ES_FlueGas User Manual 
1. Introduction 
2. Formulae 
2.1 Mole Weight 
2.2 Enthalpy 
2.4 Water Dew Point 
3. Screen 
1. Introduction
ES_FlueGas is the software to calculate the mole weight, enthalpy, sulfuric dew point, moisture dew point of flue gas.
The flue gas composition of N2, Ar, O2, CO2, CO, SO2 and H2O can be input in either of Weight% or Volume%, and for enthalpy calculation the reference temperature should be input.
Flue gas enthalpy is calculated by either of "NASA Glenn Coefficients for Calculating Thermodynamic Properties of Individual Species"(NASA/TP2002211556, September 2002), ASME PTC 4.4, 1981 or Babcock & Wilcox "STEAM its generation and use, 40'th Edition".

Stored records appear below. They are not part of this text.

(* Write n = k - 1 and B_{n,i} = C(n,i) X^i (1-X)^(n-i) for the Bernstein basis. Up to the
   factor (n+1)!/n!^2, the gradient polynomial of a k-permutation p is the bilinear form
   sum_i B'_{n,i}(a) B'_{n,p(i)}(b). The only linear relation among the B'_{N,i} is that they
   sum to zero, so a form sum_{i,l} Y_{il} B'_{N,i}(a) B'_{N,l}(b) vanishes exactly when
   Y_{il} = f(i) + g(l). Degree elevation rewrites the forms of smaller permutations in
   degree N, the largest one; their matrices are blind to the leading coefficients of the
   B_{N,l}, which sum to zero without being constant, so a permutation of strictly largest
   size must have coefficient zero, and one recurses. What remains is combinatorics: a
   matrix f(i) + g(l) with constant row and column sums is constant, while no nontrivial
   combination of two permutation matrices of size at least 3, of three of size at least 4,
   or of two of size N+1 together with an elevated smaller one, is constant. *)

Lemma bin_trinomial n N j i : (j <= n)%N -> (n <= N)%N -> (j <= i)%N ->
  (i - j <= N - n)%N ->
  ('C(i, j) * 'C(N - i, n - j) * 'C(N, i) = 'C(n, j) * 'C(N - n, i - j) * 'C(N, n))%N.
Proof.
move=> le_jn le_nN le_ji le_ij; set t := (i - j)%N; set e := (N - n - t)%N.
have fact_i : ('C(i, j) * (j`! * t`!))%N = i`! by rewrite bin_fact.
have fact_Ni : ('C(N - i, n - j) * ((n - j)`! * e`!))%N = (N - i)`!.
  have -> : e = (N - i - (n - j))%N by rewrite /e /t; lia.
  by rewrite bin_fact //; lia.
have fact_Ni' : ('C(N, i) * (i`! * (N - i)`!))%N = N`! by rewrite bin_fact //; lia.
have fact_n : ('C(n, j) * (j`! * (n - j)`!))%N = n`! by rewrite bin_fact.
have fact_Nn : ('C(N - n, t) * (t`! * e`!))%N = (N - n)`! by rewrite bin_fact.
have fact_Nn' : ('C(N, n) * (n`! * (N - n)`!))%N = N`! by rewrite bin_fact.
have fact_gt0 : (0 < j`! * t`! * ((n - j)`! * e`!))%N by rewrite !muln_gt0 !fact_gt0.
apply/eqP; rewrite -(eqn_pmul2r fact_gt0); apply/eqP.
transitivity N`!; first by rewrite -fact_Ni' -fact_i -fact_Ni; ring.
by rewrite -fact_Nn' -fact_n -fact_Nn; ring.
Qed.

Lemma Vandermonde_upper N j m :
  (\sum_(l < N.+1) 'C(l, j) * 'C(N - l, m) = 'C(N.+1, (j + m).+1))%N.
Proof.
elim: N m => [|N IH] m.
  by rewrite big_ord1 binS !bin0n; case: j => [|j]; case: m.
rewrite big_ord_recr subnn bin0n; case: m => [|m].
  rewrite muln1 addn0 [RHS]binS; have := IH 0%N; rewrite addn0 => <-.
  by congr (_ + _)%N; apply: eq_bigr => l _; rewrite !bin0.
rewrite muln0 -[RHS]addn0; congr (_ + _)%N.
rewrite [RHS]binS addnS -IH; have := IH m.+1; rewrite addnS => <-.
rewrite -big_split /=.
by apply: eq_bigr => l _; rewrite subSn ?binS ?mulnDr // -ltnS.
Qed.

Lemma ltn_bin2l n1 n2 k : (0 < k)%N -> (k <= n1)%N -> (n1 < n2)%N ->
  ('C(n1, k) < 'C(n2, k))%N.
Proof.
case: k => // k _ le_kn1 lt_n12; apply: leq_trans (leq_bin2l _ lt_n12).
by rewrite binS -addn1 leq_add2l bin_gt0; lia.
Qed.

Lemma exists_notin (T : eqType) (s t : seq T) : uniq t -> (size s < size t)%N ->
  exists2 x, x \in t & x \notin s.
Proof.
move=> uniq_t lt_st; apply/hasP; apply: contraLR lt_st => /hasPn t_sub_s.
by rewrite -leqNgt uniq_leq_size // => x /t_sub_s; rewrite negbK.
Qed.

Lemma bin_inj k m1 m2 : (0 < k)%N -> (0 < 'C(m1, k))%N -> 'C(m1, k) = 'C(m2, k) -> m1 = m2.
Proof.
move=> k_gt0 bin1_gt0 eq_bin; have bin2_gt0 : (0 < 'C(m2, k))%N by rewrite -eq_bin.
rewrite !bin_gt0 in bin1_gt0 bin2_gt0.
case: (ltngtP m1 m2) => // [lt_m12|lt_m21].
  by have := ltn_bin2l k_gt0 bin1_gt0 lt_m12; rewrite eq_bin ltnn.
by have := ltn_bin2l k_gt0 bin2_gt0 lt_m21; rewrite eq_bin ltnn.
Qed.

(** * Bernstein polynomials and degree elevation *)

Section Bernstein.
Variable R : numFieldType.

Definition bernstein N i : {poly R} := 'C(N, i)%:R *: ('X^i * (1 - 'X) ^+ (N - i)).

Lemma sum_bernstein N : \sum_(i < N.+1) bernstein N i = 1.
Proof.
have := exprDn (1 - 'X : {poly R}) 'X N; rewrite subrK expr1n => ->.
by apply: eq_bigr => i _; rewrite /bernstein scaler_nat mulrC.
Qed.

Lemma coef_bernstein_lt N i m : (m < i)%N -> (bernstein N i)`_m = 0.
Proof. by move=> lt_mi; rewrite coefZ coefXnM lt_mi mulr0. Qed.

Lemma coef_bernstein_id N i : (bernstein N i)`_i = 'C(N, i)%:R.
Proof.
rewrite coefZ coefXnM ltnn subnn -horner_coef0 horner_exp !hornerE.
by rewrite subr0 expr1n mulr1.
Qed.

Lemma coef_bernstein_gt n j m : (j <= n)%N -> (n < m)%N -> (bernstein n j)`_m = 0.
Proof.
move=> le_jn lt_nm; rewrite coefZ coefXnM; case: ifP => _; first by rewrite mulr0.
have size_1subX : size (1 - 'X : {poly R}) = 2%N.
  by rewrite -opprB size_polyN -polyC1 size_XsubC.
rewrite nth_default ?mulr0 //; apply: leq_trans (size_poly_exp_leq _ _) _.
by rewrite size_1subX; lia.
Qed.

Lemma bernstein_free N (y : nat -> R) :
  \sum_(i < N.+1) y i *: bernstein N i = 0 -> forall i, (i <= N)%N -> y i = 0.
Proof.
move=> Hy m; elim/ltn_ind: m => m IH le_mN.
have := congr1 (fun p : {poly R} => p`_m) Hy; rewrite coef_sum coef0.
rewrite (bigD1 (Ordinal (le_mN : (m < N.+1)%N))) //= big1 => [|i ne_im].
  rewrite addr0 coefZ coef_bernstein_id => /eqP.
  by rewrite mulf_eq0 pnatr_eq0 eqn0Ngt bin_gt0 le_mN orbF => /eqP.
rewrite coefZ; case: (ltngtP i m) => [lt_im|lt_mi|eq_im].
- by rewrite IH ?mul0r // -ltnS.
- by rewrite coef_bernstein_lt ?mulr0.
- by move: ne_im; rewrite -val_eqE /= eq_im eqxx.
Qed.

Lemma deriv_eq0_const (p : {poly R}) : p^`() = 0 -> p = (p`_0)%:P.
Proof.
move=> Dp0; apply/polyP => [[|i]]; rewrite coefC //=.
have := congr1 (fun q : {poly R} => q`_i) Dp0; rewrite coef_deriv coef0 => /eqP.
by rewrite mulrn_eq0 /= => /eqP.
Qed.

Definition dbernstein N i := (bernstein N i)^`().

Lemma dbernstein_kernel N (x : nat -> R) :
  \sum_(i < N.+1) x i *: dbernstein N i = 0 -> forall i, (i <= N)%N -> x i = x 0%N.
Proof.
move=> Hx; set q := \sum_(i < N.+1) x i *: bernstein N i.
have /deriv_eq0_const q_const : q^`() = 0.
  by rewrite /q linear_sum -[RHS]Hx; apply: eq_bigr => i _; rewrite linearZ.
have Hxc : \sum_(i < N.+1) (x i - q`_0) *: bernstein N i = 0.
  under eq_bigr do rewrite scalerBl.
  by rewrite sumrB -/q {1}q_const -scaler_sumr sum_bernstein alg_polyC subrr.
move=> i le_iN; have /eqP := bernstein_free (y := fun i => x i - q`_0) Hxc le_iN.
have /eqP := bernstein_free (y := fun i => x i - q`_0) Hxc (leq0n N).
by rewrite !subr_eq0 => /eqP -> /eqP.
Qed.

Lemma poly_eq0_on_unit_interval (p : {poly R}) :
  (forall a : R, 0 < a < 1 -> p.[a] = 0) -> p = 0.
Proof.
move=> Hp; apply/eqP; apply: contraT => p_neq0.
pose rs := [seq (m.+2%:R : R)^-1 | m <- iota 0 (size p)].
have := max_poly_roots p_neq0 (rs := rs).
have -> : all (root p) rs.
  apply/allP => _ /mapP [m _ ->]; apply/rootP/Hp.
  by rewrite invr_gt0 ltr0Sn invf_lt1 ?ltr0Sn // ltr1n.
have -> : uniq rs.
  rewrite map_inj_uniq ?iota_uniq // => m1 m2 /invr_inj /eqP.
  by rewrite eqr_nat => /eqP [].
by rewrite size_map size_iota ltnn => /(_ isT isT).
Qed.

(* The coefficient of [bernstein N i] in the degree elevation of [bernstein n j]. *)
Definition elev n N j i : R := ('C(i, j) * 'C(N - i, n - j))%:R / 'C(N, n)%:R.

Lemma elev_ge0 n N j i : 0 <= elev n N j i.
Proof. by rewrite divr_ge0 ?ler0n. Qed.

Lemma elev_gt0 n N j i : (n <= N)%N -> (j <= i)%N -> (n - j <= N - i)%N ->
  0 < elev n N j i.
Proof. by move=> *; rewrite divr_gt0 // ltr0n ?muln_gt0 !bin_gt0 //; apply/andP. Qed.

Lemma elev_eq0 n N j i : ((i < j) || (N - i < n - j))%N -> elev n N j i = 0.
Proof. by rewrite /elev; case/orP => /bin_small->; rewrite ?muln0 ?mul0n mul0r. Qed.

Lemma natr_bin_neq0 n N : (n <= N)%N -> ('C(N, n)%:R : R) != 0.
Proof. by rewrite pnatr_eq0 -lt0n bin_gt0. Qed.

Lemma elevM_bin n N j i : (j <= n)%N -> (n <= N)%N -> (j <= i)%N -> (i - j <= N - n)%N ->
  elev n N j i * 'C(N, i)%:R = ('C(n, j) * 'C(N - n, i - j))%:R.
Proof.
move=> le_jn le_nN le_ji le_ijNn; rewrite /elev mulrAC -natrM bin_trinomial //.
by rewrite natrM mulfK // natr_bin_neq0.
Qed.

Lemma bernstein_elevate n N j : (n <= N)%N -> (j <= n)%N ->
  bernstein n j = \sum_(i < N.+1) elev n N j i *: bernstein N i.
Proof.
move=> le_nN le_jn; set d := (N - n)%N.
have -> : bernstein n j = \sum_(t < d.+1)
    ('C(n, j) * 'C(d, t))%:R *: ('X^(j + t) * (1 - 'X) ^+ (N - (j + t))).
  transitivity ('C(n, j)%:R *: ('X^j * (1 - 'X) ^+ (n - j) * ((1 - 'X) + 'X) ^+ d)
    : {poly R}); first by rewrite subrK expr1n mulr1.
  rewrite (exprDn (1 - 'X)) mulr_sumr scaler_sumr; apply: eq_bigr => [[t lt_td]] _ /=.
  rewrite mulrnAr -scaler_nat scalerA -natrM.
  have -> : (N - (j + t) = (n - j) + (d - t))%N by rewrite /d; lia.
  by congr (_ *: _); rewrite !exprD; ring.
rewrite (eq_bigr (fun i : 'I_N.+1 => (elev n N j i * 'C(N, i)%:R) *:
  ('X^i * (1 - 'X) ^+ (N - i)))); last by move=> i _; rewrite scalerA.
rewrite -(big_mkord predT (fun i => (elev n N j i * 'C(N, i)%:R) *:
  ('X^i * (1 - 'X) ^+ (N - i)))).
symmetry; rewrite (@big_cat_nat _ _ _ j) //=; last by lia.
rewrite [X in X + _]big_nat_cond [X in X + _]big1 ?add0r; last first.
  by move=> i /andP [/andP [_ lt_ij] _]; rewrite elev_eq0 ?lt_ij // mul0r scale0r.
rewrite (@big_cat_nat _ _ _ (j + d.+1)) ?leq_addr //=; last by lia.
rewrite [X in _ + X]big_nat_cond [X in _ + X]big1 ?addr0; last first.
  move=> i /andP [/andP [le_i lt_iN] _]; rewrite elev_eq0 ?mul0r ?scale0r //.
  by apply/orP; right; rewrite /d in le_i; lia.
rewrite -{1}(add0n j) big_addn addnC addnK big_mkord.
apply: eq_bigr => [[t lt_td]] _ /=.
by rewrite elevM_bin ?addnK 1?addnC //; lia.
Qed.

Lemma dbernstein_elevate n N j : (n <= N)%N -> (j <= n)%N ->
  dbernstein n j = \sum_(i < N.+1) elev n N j i *: dbernstein N i.
Proof.
move=> le_nN le_jn; rewrite /dbernstein (bernstein_elevate le_nN le_jn) linear_sum.
by apply: eq_bigr => i _; rewrite linearZ.
Qed.

Definition bernstein_lead N i : R := (bernstein N i)`_N.

Lemma sum_elev_lead n N j : (n < N)%N -> (j <= n)%N ->
  \sum_(i < N.+1) elev n N j i * bernstein_lead N i = 0.
Proof.
move=> lt_nN le_jn.
have := congr1 (fun p : {poly R} => p`_N) (bernstein_elevate (ltnW lt_nN) le_jn).
rewrite /= coef_bernstein_gt // coef_sum => Hlead; rewrite [RHS]Hlead.
by apply: eq_bigr => i _; rewrite coefZ.
Qed.

Lemma sum_bernstein_lead N : (0 < N)%N -> \sum_(i < N.+1) bernstein_lead N i = 0.
Proof.
move=> N_gt0; have := congr1 (fun p : {poly R} => p`_N) (sum_bernstein N).
by rewrite /= coef_sum coef1 eqn0Ngt N_gt0.
Qed.

Lemma bernstein_lead_id N : bernstein_lead N N = 1.
Proof. by rewrite /bernstein_lead coefZ coefXnM ltnn !subnn expr0 coef1 binn mulr1. Qed.

Lemma sum_elev_row n N j : (j <= n)%N ->
  \sum_(l < N.+1) elev n N j l = 'C(N.+1, n.+1)%:R / 'C(N, n)%:R.
Proof.
by move=> le_jn; rewrite -mulr_suml -natr_sum Vandermonde_upper subnKC.
Qed.

Lemma sum_elev_col n N i : (n <= N)%N -> (i <= N)%N ->
  \sum_(j < n.+1) elev n N j i = 1.
Proof.
move=> le_nN le_iN; rewrite -mulr_suml -natr_sum binomial.Vandermonde subnKC //.
by rewrite divff // natr_bin_neq0.
Qed.

Lemma elev_col0 n N j : (n <= N)%N -> elev n N j 0 = (j == 0)%:R.
Proof.
move=> le_nN; rewrite /elev subn0; case: j => [|j] /=.
  by rewrite bin0 subn0 mul1n divff // natr_bin_neq0.
by rewrite bin0n mul0n mul0r.
Qed.

Lemma elev_colN n N j : (n <= N)%N -> (j <= n)%N -> elev n N j N = (j == n)%:R.
Proof.
move=> le_nN le_jn; rewrite /elev subnn; have [->|neq_jn] := eqVneq j n.
  by rewrite subnn bin0 muln1 divff // natr_bin_neq0.
by rewrite bin0n subn_eq0 leqNgt ltn_neqAle neq_jn le_jn muln0 mul0r.
Qed.

Lemma elev_row_zero3 n N j : (3 <= n)%N -> (n < N)%N -> (j <= n)%N ->
  exists t : seq nat, [/\ size t = 3, uniq t &
    {in t, forall l, (l <= N)%N /\ elev n N j l = 0}].
Proof.
move=> le3n lt_nN le_jn.
have [t [t3 uniq_t t_zero]] : exists t : seq nat, [/\ size t = 3, uniq t &
    {in t, forall l, (l <= N)%N && ((l < j) || (N - l < n - j))%N}].
  case: j le_jn => [|[|[|j]]] le_jn;
    [exists [:: N; N.-1; N.-2] | exists [:: 0; N; N.-1]%N
    | exists [:: 0; 1; N]%N | exists [:: 0; 1; 2]%N];
  by split; [|rewrite /= ?inE; lia|move=> l; rewrite !inE => /or3P [] /eqP ->; lia].
by exists t; split=> // l /t_zero /andP [le_lN /elev_eq0].
Qed.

The SO3 conversion rate for sulfuric dew point calculation can be estimated by the software automatically or input by the user. Sulfuric dew point is calculated by the method of A.G. Okkes(Hydrocarbon Processing Journal, July 1997) and the method of Verhoff F. H./Banchero J. T(Chemical Engineering Process Journal, Aug. 1974).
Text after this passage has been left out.